I was on a call this morning and heard someone refer to two of their team members as "Prompt Engineers" as if that were an actual role.

1 more reply

risyachka3y ago

Because everyone can use text interface without knowing how to configure the low level one.

1 more reply

bilsbie3y ago

Would you mind explaining this and maybe dumbing it down? Sounds useful

garblegarble3y ago

You can use models (OpenAI have some, there are other open-source self-hostable ones that are better if I recall correctly) that will take a sentence or a paragraph and spit out a vector.
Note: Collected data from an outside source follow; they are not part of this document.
Lemma rowsum_le_normInf (R : realFieldType) (n : nat) (W : 'I_n -> 'I_n -> R) i :
  (forall i j, 0 <= W i j) -> \sum_(j < n) W i j <= normInf W.
Proof.
move=> W0; apply: le_trans (le_bigmax _ _ i).
by apply: ler_sum => j _; rewrite ger0_norm.
Qed.

(* An eigenvalue with a positive left eigenvector is at most ||W||_inf:
   lam sum_i c_i = sum_i c_i sum_j w_ij. *)
Lemma eigenvalue_le_normInf (R : realFieldType) (n : nat) (W : 'I_n -> 'I_n -> R)
    (c : 'I_n -> R) (lam : R) :
  (0 < n)%N -> (forall i j, 0 <= W i j) -> (forall i, 0 < c i) ->
  (forall j, \sum_(i < n) W i j * c i = lam * c j) ->
  lam <= normInf W.
Proof.
move=> n_gt0 W0 c0 eig.
have C0 := sum_gt0 n_gt0 c0.
have lamC : lam * \sum_(i < n) c i = \sum_(i < n) c i * \sum_(j < n) W i j.
  rewrite mulr_sumr; under eq_bigr do rewrite -eig.
  rewrite exchange_big; apply: eq_bigr => i _; rewrite mulr_sumr.
  by apply: eq_bigr => j _; rewrite mulrC.
rewrite -(ler_pM2r C0) lamC mulr_sumr; apply: ler_sum => i _.
by rewrite mulrC ler_wpM2r ?rowsum_le_normInf // ltW.
Qed.

Lemma shatE (R : realFieldType) (n : nat) (c s : 'I_n -> R) :
  shat c s = (\sum_(i < n) c i * s i) / \sum_(i < n) c i.
Proof. by rewrite /shat mulr_suml; apply: eq_bigr => i _; rewrite /chat mulrAC. Qed.

Lemma chiE (R : realFieldType) (n : nat) (W : 'I_n -> 'I_n -> R) (c s : 'I_n -> R) :
  chi W c s = (\sum_(i < n) c i * s i * \sum_(j < n) W i j) / \sum_(i < n) c i.
Proof. by rewrite /chi mulr_suml; apply: eq_bigr => i _; rewrite /chat; ring. Qed.

Theorem corollary1 (R : realFieldType) (n : nat)
  (W : 'I_n -> 'I_n -> R) (lam : R) (c : 'I_n -> R)
  (beta gamma g h : R) (s : 'I_n -> R)
  (x : nat -> 'I_n -> R) (xstar : 'I_n -> R) :
  (forall i j, 0 <= W i j) ->
  (forall i, W i i = 0) ->
  is_spectral_radius W lam ->
  (forall i, 0 < c i) ->
  (forall j, \sum_(i < n) W i j * c i = lam * c j) ->
  gamma <= beta -> 0 <= gamma ->
  Num.max (2 * beta) (4 * gamma) < 1 - Num.max (normInf W) (norm1 W) ->
  (forall i, 0 <= s i <= 1) ->
  0 <= g -> h <= 1 ->
  (forall i, g <= s i) -> (forall i, s i <= h) ->
  (forall i, 0 <= x 0%N i <= 1) ->
  (forall k i, x k.+1 i = step W s beta gamma g h (x k) i) ->
  converges_to x xstar ->
  \sum_(i < n) c i * xstar i =
    ((1 - 2 * beta + (h - g) * gamma) * shat c s - chi W c s
      + (h + g) * beta + (g ^+ 2 - h ^+ 2) * gamma)
    / (1 - lam + (g - h) * gamma) * \sum_(i < n) c i.
Proof.
move=> W0 _ _ c0 eig gb g0 small s01 g_ge0 h_le1 gs sh x0 xs conv.
have [n0|n_gt0] := posnP n; first by subst n; rewrite !big_ord0 mulr0.
have [g_le_h g01 h01] : [/\ g <= h, 0 <= g <= 1 & 0 <= h <= 1].
  by have := gs (Ordinal n_gt0); have := sh (Ordinal n_gt0) => ? ?; split; try apply/andP; lra.
have [beta_small gamma_small] : 2 * beta < 1 - normInf W /\ 4 * gamma < 1 - normInf W.
  have : normInf W <= Num.max (normInf W) (norm1 W) by rewrite le_max lexx.
  by move: small; rewrite gt_max => /andP[? ?]; split; lra.
have rowsum_small i : 2 * beta < 1 - \sum_(j < n) W i j.
  by have := rowsum_le_normInf i W0; lra.
have x01 := trajectory_in_unit_box W0 g0 g01 h01 s01 gb rowsum_small x0 xs.
have xstar_fix : forall i, xstar i = step W s beta gamma g h xstar i.
  apply: (limit_fixpoint (K := fun i => 2 * gamma + \sum_(j < n) W i j)) xs conv.
    by move=> i; apply: addr_ge0; [lra | apply: sumr_ge0].
  by move=> y z i d; apply: step_lipschitz.
have gsh i : g <= s i <= h by rewrite gs sh.
have xstar_range := fixpoint_in_range W0 g0 g01 h01 gb rowsum_small g_le_h gsh
  (limit_bounds x01 conv) xstar_fix.
have denom_gt0 : 0 < 1 - lam + (g - h) * gamma.
  have := eigenvalue_le_normInf n_gt0 W0 c0 eig.
  have : (h - g) * gamma <= gamma by rewrite ler_piMl //; lra.
  lra.
have C0 := sum_gt0 n_gt0 c0.
rewrite shatE chiE; apply: (mulIf (lt0r_neq0 denom_gt0)).
rewrite (weighted_fixpoint eig xstar_range xstar_fix); field.
by rewrite !lt0r_neq0.
Qed.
These vectors are called 'embeddings'

You then put those vectors in a vector database (e.g. pinecone, pgvector, chroma).

To run searches, you generate an embedding of the search term (could be the raw user search, could be something a model like ChatGPT was asked to transform the user's search into), then query the vector database for the n closest vectors. The trick is getting a model that generates good vectors for search (and transforming the user's query into some text that'd be useful vector(s) to search against). If feeding that into an LLM context, the next step is making sure that you get your prompt right, and don't overload the model with unrelated information (i.e. bad search results).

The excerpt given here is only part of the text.